Lemma simple_graph_eigendecomp (G : graph) (x : gV G) : simple_graph G ->
  exists (lam : 'I_#|gV G| -> R) (W : 'I_#|gV G| -> gV G -> C),
    lap_eigendecomp lam W (delta_fun x) /\
    forall p, eigenvalue (laplacian C G) (lam p)%:C.
Proof.
move=> [Gsym Girr]; set A := laplacian C G.
have Asym : A \is symmetricmx.
  apply/is_hermitianmxP; rewrite expr0 scale1r; apply/matrixP => i j.
  by rewrite !mxE /= Gsym eq_sym; case: eqP => // ->.
have Areal : A \is a realmx.
  apply/mxOverP => r s; rewrite mxE; apply: rpredB; last exact: realn.
  by case: eqP => _; [exact: realn | exact: real0].
have Aherm := realsym_hermsym Asym Areal.
set P := spectralmx A; set D := spectral_diag A; set Q := invmx P.
have Punit : P \in unitmx := spectral_unit A.
have AE : A = Q *m diag_mx D *m P.
  exact/orthomx_spectralP/hermitian_normalmx.
have AQ : A *m Q = Q *m diag_mx D by rewrite AE -!mulmxA mulmxV // mulmx1.
have PA : P *m A = diag_mx D *m P by rewrite AE !mulmxA mulmxV // mul1mx.
have /all_sig[lam lamE] : forall r, {l : R | D 0 r = l%:C}.
  move=> r; apply: sig_eqW; apply/complex_realP.
  exact: (mxOverP (hermitian_spectral_diag_real Aherm)).
pose W r z := P r (enum_rank x) * Q (enum_rank z) r.
exists lam, W; split; first split.
- move=> r z.
  have -> : lap_fun (W r) z = (A *m gvec (W r)) (enum_rank z) 0.
    by rewrite mul_laplacian_gvec mxE enum_rankK.
  rewrite mxE; under eq_bigr do rewrite [gvec _ _ _]mxE /W enum_valK mulrCA.
  rewrite -mulr_sumr.
  have -> : \sum_j A (enum_rank z) j * Q j r = (A *m Q) (enum_rank z) r.
    by rewrite mxE.
  by rewrite AQ mul_mx_diag mxE lamE mulrA mulrC.
- move=> z; have -> : \sum_r P r (enum_rank x) * Q (enum_rank z) r =
                      (Q *m P) (enum_rank z) (enum_rank x).
    by rewrite mxE; apply: eq_bigr => r _; rewrite mulrC.
  by rewrite mulVmx // mxE (inj_eq enum_rank_inj).
- move=> r; apply/eigenvalueP; exists (row r P).
    by rewrite -row_mul PA mul_diag_mx; apply/matrixP => i j; rewrite !mxE lamE.
  apply/negP => /eqP P_r0.
  have : row r (P *m Q) = 0 by rewrite row_mul P_r0 mul0mx.
  rewrite mulmxV // => /matrixP/(_ 0 r).
  by rewrite !mxE eqxx => /eqP; rewrite oner_eq0.
Qed.

(* Padding with zero eigenfunctions gives all factors of a product the common
   index type 'I_K. *)
Lemma lap_eigendecomp_widen (X : graph) n K (lam : 'I_n -> R)
    (W : 'I_n -> gV X -> C) (f : gV X -> C) :
  (n <= K)%N -> lap_eigendecomp lam W f ->
  lap_eigendecomp (fun p : 'I_K => oapp lam 0 (insub (val p)))
                  (fun p : 'I_K => oapp W (fun _ => 0) (insub (val p))) f.
Proof.
move=> le_nK [eigW sumW]; split=> [p z|z].
  case: insubP => [q _ _|_] /=; first exact: eigW.
  by rewrite /lap_fun big1 // mulr0 subr0 mulr0.
pose F k := oapp (fun q => W q z) 0 (insub k : option 'I_n).
rewrite -sumW.
have -> : \sum_q W q z = \sum_(q < n) F q by apply: eq_bigr => q _; rewrite /F valK.
rewrite (big_ord_widen K F le_nK) [RHS]big_mkcond; apply: eq_bigr => p _ /=.
by rewrite /F; case: insubP => [q -> _|/negbTE ->].
Qed.

Lemma even_spectrum_eigendecomp (G : graph) (K : nat) (x : gV G) :
  simple_graph G ->
  (forall lambda, eigenvalue (laplacian C G) lambda ->
     exists m : int, lambda = (2 * m)%:~R) ->
  (#|gV G| <= K)%N ->
  exists (lam : 'I_K -> R) (W : 'I_K -> gV G -> C),
    lap_eigendecomp lam W (delta_fun x) /\
    forall p, exists m : int, lam p = (2 * m)%:~R.
Proof.
move=> simpleG even_spec le_GK.
have [lam [W [dec eig_lam]]] := simple_graph_eigendecomp x simpleG.
eexists; eexists; split; first exact: lap_eigendecomp_widen le_GK dec.
move=> p /=; case: insubP => [q _ _|_] /=; last by exists 0.
have [m lamE] := even_spec _ (eig_lam q); exists m.
by apply: (@complexI R); rewrite lamE rmorph_int.
Qed.

End Spectral.

Lemma degreeE (X : graph) (x : gV X) : degree x = (\sum_(y | gadj x y) 1)%N.
Proof. by rewrite /degree -sum1_card. Qed.

Section CartesianProduct.
Variables (d : nat) (Gs : 'I_d -> graph).
Local Notation V := {dffun forall i : 'I_d, gV (Gs i)}.
Local Notation GP := (cart_prod Gs).
Hypothesis Gs_irr : forall j, irreflexive (@gadj (Gs j)).

Definition set_coord (x : V) (j : 'I_d) (z : gV (Gs j)) : V :=
  [ffun i => @dfwith _ (fun i => gV (Gs i)) (fun i => x i) j z i].

Lemma set_coord_eq (x : V) j (z : gV (Gs j)) : set_coord x z j = z.
Proof. by rewrite ffunE; apply: dfwith_in. Qed.

Lemma set_coord_neq (x : V) j (z : gV (Gs j)) i :
  i != j -> set_coord x z i = x i.
Proof. by move=> neq_ij; rewrite ffunE; apply: dfwith_out; rewrite eq_sym. Qed.

Lemma cart_prod_nbr_sum (M : nmodType) (h : V -> M) (x : V) :
  \sum_(y | @gadj GP x y) h y = \sum_j \sum_(z | gadj (x j) z) h (set_coord x z).
Proof.
pose P j (y : V) := gadj (x j) (y j) && [forall i, (i != j) ==> (x i == y i)].
have -> : \sum_(y | @gadj GP x y) h y = \sum_y \sum_(j | P j y) h y.
  rewrite big_mkcond; apply: eq_bigr => y _ /=.
  case: existsP => [[j Pjy]|noP]; last first.
    by rewrite big1 // => j Pjy; case: noP; exists j.
  rewrite (bigD1 j) //= big1 ?addr0 // => i /andP [/andP [adj_xy _] neq_ij].
  move: Pjy => /andP [_ /forallP /(_ i)]; rewrite neq_ij /= => /eqP xyi.
  by move: adj_xy; rewrite xyi Gs_irr.
under eq_bigr do rewrite big_mkcond.
rewrite exchange_big; apply: eq_bigr => j _; rewrite -big_mkcond /=.
rewrite (reindex_onto (@set_coord x j) (fun y => y j)) /=; last first.
  move=> y /andP [_ /forallP agree]; apply/ffunP => i; rewrite ffunE.
  by case: dfwithP => // i' neq; move: (agree i'); rewrite eq_sym neq => /eqP.
apply: eq_bigl => z; rewrite /P set_coord_eq eqxx andbT.
case: (gadj _ _) => //=; apply/forallP => i; apply/implyP => neq_ij.
by rewrite set_coord_neq.
Qed.

Lemma degree_cart_prod (x : V) : @degree GP x = (\sum_j degree (x j))%N.
Proof.
by rewrite degreeE cart_prod_nbr_sum; apply: eq_bigr => j _; rewrite degreeE.
Qed.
::::::::
*Exercise*. Within the entries above, find every line where the string "Aherm" occurs, and copy it.

*Task solution*.
have Aherm := realsym_hermsym Asym Areal.
  exact: (mxOverP (hermitian_spectral_diag_real Aherm)).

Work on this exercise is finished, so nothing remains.